(* Let $\kappa, m, n$ be positive integers with $m$ and $n$ coprime, and suppose there is an integer $s$ with \[ \kappa^4 m^4 n^4 - 32\kappa(m^2+n^2) = s^2. \] Then $(\kappa, m, n) = (4, 1, 1)$. *)

From Stdlib Require Import ZArith.

From Stdlib Require Import ZArith Lia List Bool.
Open Scope Z_scope.

(* Put X = κ²m²n².  Then X² - s² = 32κ(m² + n²) > 0, so d = X - |s| satisfies
   0 < d <= X and d(2X - d) = 32κ(m² + n²).  For m <= n the right-hand side is
   at most 64κn², whereas the left-hand side is at least dX = (dκm²)(κn²); hence
   dκm² <= 64.  Rearranged, the equation reads n²(2dκ²m² - 32κ) = 32κm² + d², so
   n² <= 32·64 + 64² < 79², and the finitely many remaining cases are decided by
   computation. *)

Lemma diff_sq_factor (X s N : Z) :
  0 <= X -> 0 < N -> X ^ 2 - s ^ 2 = N ->
  exists d, 0 < d <= X /\ d * (2 * X - d) = N.
Proof.
  intros HX HN H.
  assert (Hs : s ^ 2 = Z.abs s * Z.abs s) by (rewrite Z.abs_square; ring).
  exists (X - Z.abs s); split.
  - assert (Z.abs s < X) by nia. lia.
  - rewrite <- H, Hs. ring.
Qed.

Definition range1 (len : nat) : list Z := map Z.of_nat (seq 1 len).

Lemma forallb_range1 (f : Z -> bool) (len : nat) (x : Z) :
  forallb f (range1 len) = true -> 1 <= x <= Z.of_nat len -> f x = true.
Proof.
  intros Hall Hx. rewrite forallb_forall in Hall. apply Hall.
  apply in_map_iff. exists (Z.to_nat x). split; [lia | apply in_seq; lia].
Qed.

Definition reduced_solutions_trivial : bool :=
  forallb (fun d => forallb (fun K => forallb (fun m =>
    implb (d * K * m ^ 2 <=? 64) (forallb (fun n =>
      implb ((m <=? n) && (Z.gcd m n =? 1) &&
             (n ^ 2 * (2 * d * K ^ 2 * m ^ 2 - 32 * K) =? 32 * K * m ^ 2 + d ^ 2))
            ((K =? 4) && (m =? 1) && (n =? 1))) (range1 78)))
    (range1 8)) (range1 64)) (range1 64).

Lemma reduced_solutions_trivialP : reduced_solutions_trivial = true.
Proof. vm_compute. reflexivity. Qed.

Lemma reduced_solutions_small (d K m n : Z) :
  1 <= d <= 64 -> 1 <= K <= 64 -> 1 <= m <= 8 -> 1 <= n <= 78 ->
  d * K * m ^ 2 <= 64 -> m <= n -> Z.gcd m n = 1 ->
  n ^ 2 * (2 * d * K ^ 2 * m ^ 2 - 32 * K) = 32 * K * m ^ 2 + d ^ 2 ->
  K = 4 /\ m = 1 /\ n = 1.
Proof.
  intros Hd HK Hm Hn Hb Hmn Hg He.
  pose proof reduced_solutions_trivialP as C; unfold reduced_solutions_trivial in C.
  apply (forallb_range1 _ 64 d) in C; [cbv beta in C | lia].
  apply (forallb_range1 _ 64 K) in C; [cbv beta in C | lia].
  apply (forallb_range1 _ 8 m) in C; [cbv beta in C | lia].
  rewrite implb_true_iff in C; specialize (C (proj2 (Z.leb_le _ _) Hb)).
  apply (forallb_range1 _ 78 n) in C; [cbv beta in C | lia].
  rewrite implb_true_iff, !andb_true_iff, Z.leb_le, !Z.eqb_eq in C.
  tauto.
Qed.

Section ReducedEquation.

Variables K m n d : Z.
Hypotheses (K_gt0 : 0 < K) (m_gt0 : 0 < m) (m_le_n : m <= n) (d_gt0 : 0 < d).
Hypothesis d_le : d <= K ^ 2 * m ^ 2 * n ^ 2.
Hypothesis coprime_mn : Z.gcd m n = 1.
Hypothesis d_eq : d * (2 * (K ^ 2 * m ^ 2 * n ^ 2) - d) = 32 * K * (m ^ 2 + n ^ 2).

Lemma reduced_eq : n ^ 2 * (2 * d * K ^ 2 * m ^ 2 - 32 * K) = 32 * K * m ^ 2 + d ^ 2.
Proof.
  apply Z.sub_move_0_r.
  transitivity (d * (2 * (K ^ 2 * m ^ 2 * n ^ 2) - d) - 32 * K * (m ^ 2 + n ^ 2));
    [ring | apply Z.sub_move_0_r, d_eq].
Qed.

Lemma reduced_param_bound : d * K * m ^ 2 <= 64.
Proof.
  assert (Hlow : d * (K ^ 2 * m ^ 2 * n ^ 2) <= d * (2 * (K ^ 2 * m ^ 2 * n ^ 2) - d))
    by (apply Z.mul_le_mono_nonneg_l; lia).
  assert (Hsq : m ^ 2 <= n ^ 2) by (apply Z.pow_le_mono_l; lia).
  assert (Hup : 32 * K * (m ^ 2 + n ^ 2) <= 64 * (K * n ^ 2)) by nia.
  assert (Hdn : (d * K * m ^ 2) * (K * n ^ 2) <= 64 * (K * n ^ 2)).
  { replace ((d * K * m ^ 2) * (K * n ^ 2)) with (d * (K ^ 2 * m ^ 2 * n ^ 2)) by ring.
    lia. }
  apply Z.mul_le_mono_pos_r in Hdn; [exact Hdn |].
  apply Z.mul_pos_pos; [exact K_gt0 | apply Z.pow_pos_nonneg; lia].
Qed.

Lemma reduced_param_ranges : d <= 64 /\ K <= 64 /\ m <= 8.
Proof.
  pose proof reduced_param_bound as Hb.
  assert (Hm2 : 1 <= m ^ 2) by (change 1 with (1 ^ 2); apply Z.pow_le_mono_l; lia).
  assert (HKm : K <= K * m ^ 2 <= 64) by nia.
  split; [nia | split; [lia |]].
  destruct (Z_le_gt_dec m 8) as [| Hbig]; [lia |].
  assert (9 ^ 2 <= m ^ 2) by (apply Z.pow_le_mono_l; lia).
  nia.
Qed.

Lemma reduced_n_bound : n <= 78.
Proof.
  pose proof reduced_param_bound as Hb.
  pose proof reduced_param_ranges as [Hd _].
  pose proof reduced_eq as Hred.
  assert (HKm : K * m ^ 2 <= 64) by nia.
  assert (Hn2 : 0 < n ^ 2) by (apply Z.pow_pos_nonneg; lia).
  revert Hred; generalize (2 * d * K ^ 2 * m ^ 2 - 32 * K) as F; intros F Hred.
  assert (HF : 1 <= F).
  { destruct (Z_lt_le_dec 0 F) as [| HF]; [lia |].
    pose proof (Z.mul_nonneg_nonpos (n ^ 2) F ltac:(lia) HF). nia. }
  assert (Hsq : n ^ 2 <= 6144) by nia.
  destruct (Z_le_gt_dec n 78) as [| Hbig]; [lia |].
  assert (79 ^ 2 <= n ^ 2) by (apply Z.pow_le_mono_l; lia).
  lia.
Qed.

Lemma reduced_solutions : K = 4 /\ m = 1 /\ n = 1.
Proof.
  destruct reduced_param_ranges as [Hd64 [HK64 Hm8]].
  pose proof reduced_n_bound.
  pose proof reduced_param_bound.
  pose proof reduced_eq.
  apply (reduced_solutions_small d K m n); lia.
Qed.

End ReducedEquation.

Theorem theorem5 (kappa m n s : Z) :
  0 < kappa -> 0 < m -> 0 < n -> Z.gcd m n = 1 ->
  kappa ^ 4 * m ^ 4 * n ^ 4 - 32 * kappa * (m ^ 2 + n ^ 2) = s ^ 2 ->
  kappa = 4 /\ m = 1 /\ n = 1.
Proof.
  intros HK Hm Hn Hg H.
  destruct (diff_sq_factor (kappa ^ 2 * m ^ 2 * n ^ 2) s (32 * kappa * (m ^ 2 + n ^ 2)))
    as [d [Hd He]]; [nia | nia | lia |].
  destruct (Z.le_ge_cases m n) as [Hmn | Hnm].
  - exact (reduced_solutions kappa m n d HK Hm Hmn (proj1 Hd) (proj2 Hd) Hg He).
  - rewrite Z.gcd_comm in Hg.
    replace (kappa ^ 2 * m ^ 2 * n ^ 2) with (kappa ^ 2 * n ^ 2 * m ^ 2) in Hd, He by ring.
    rewrite Z.add_comm in He.
    destruct (reduced_solutions kappa n m d HK Hn Hnm (proj1 Hd) (proj2 Hd) Hg He) as [? [? ?]].
    auto.
Qed.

:::::

Look above for the line holding "apply (forallb_range1 _ 8". Print it and every line after it, exactly, through the line holding "assert (HKm : K <= K * m ^ 2 <= 64) by nia.".

  apply (forallb_range1 _ 8 m) in C; [cbv beta in C | lia].
  rewrite implb_true_iff in C; specialize (C (proj2 (Z.leb_le _ _) Hb)).
  apply (forallb_range1 _ 78 n) in C; [cbv beta in C | lia].
  rewrite implb_true_iff, !andb_true_iff, Z.leb_le, !Z.eqb_eq in C.
  tauto.
Qed.

Section ReducedEquation.

Variables K m n d : Z.
Hypotheses (K_gt0 : 0 < K) (m_gt0 : 0 < m) (m_le_n : m <= n) (d_gt0 : 0 < d).
Hypothesis d_le : d <= K ^ 2 * m ^ 2 * n ^ 2.
Hypothesis coprime_mn : Z.gcd m n = 1.
Hypothesis d_eq : d * (2 * (K ^ 2 * m ^ 2 * n ^ 2) - d) = 32 * K * (m ^ 2 + n ^ 2).

Lemma reduced_eq : n ^ 2 * (2 * d * K ^ 2 * m ^ 2 - 32 * K) = 32 * K * m ^ 2 + d ^ 2.
Proof.
  apply Z.sub_move_0_r.
  transitivity (d * (2 * (K ^ 2 * m ^ 2 * n ^ 2) - d) - 32 * K * (m ^ 2 + n ^ 2));
    [ring | apply Z.sub_move_0_r, d_eq].
Qed.

Lemma reduced_param_bound : d * K * m ^ 2 <= 64.
Proof.
  assert (Hlow : d * (K ^ 2 * m ^ 2 * n ^ 2) <= d * (2 * (K ^ 2 * m ^ 2 * n ^ 2) - d))
    by (apply Z.mul_le_mono_nonneg_l; lia).
  assert (Hsq : m ^ 2 <= n ^ 2) by (apply Z.pow_le_mono_l; lia).
  assert (Hup : 32 * K * (m ^ 2 + n ^ 2) <= 64 * (K * n ^ 2)) by nia.
  assert (Hdn : (d * K * m ^ 2) * (K * n ^ 2) <= 64 * (K * n ^ 2)).
  { replace ((d * K * m ^ 2) * (K * n ^ 2)) with (d * (K ^ 2 * m ^ 2 * n ^ 2)) by ring.
    lia. }
  apply Z.mul_le_mono_pos_r in Hdn; [exact Hdn |].
  apply Z.mul_pos_pos; [exact K_gt0 | apply Z.pow_pos_nonneg; lia].
Qed.

Lemma reduced_param_ranges : d <= 64 /\ K <= 64 /\ m <= 8.
Proof.
  pose proof reduced_param_bound as Hb.
  assert (Hm2 : 1 <= m ^ 2) by (change 1 with (1 ^ 2); apply Z.pow_le_mono_l; lia).
  assert (HKm : K <= K * m ^ 2 <= 64) by nia.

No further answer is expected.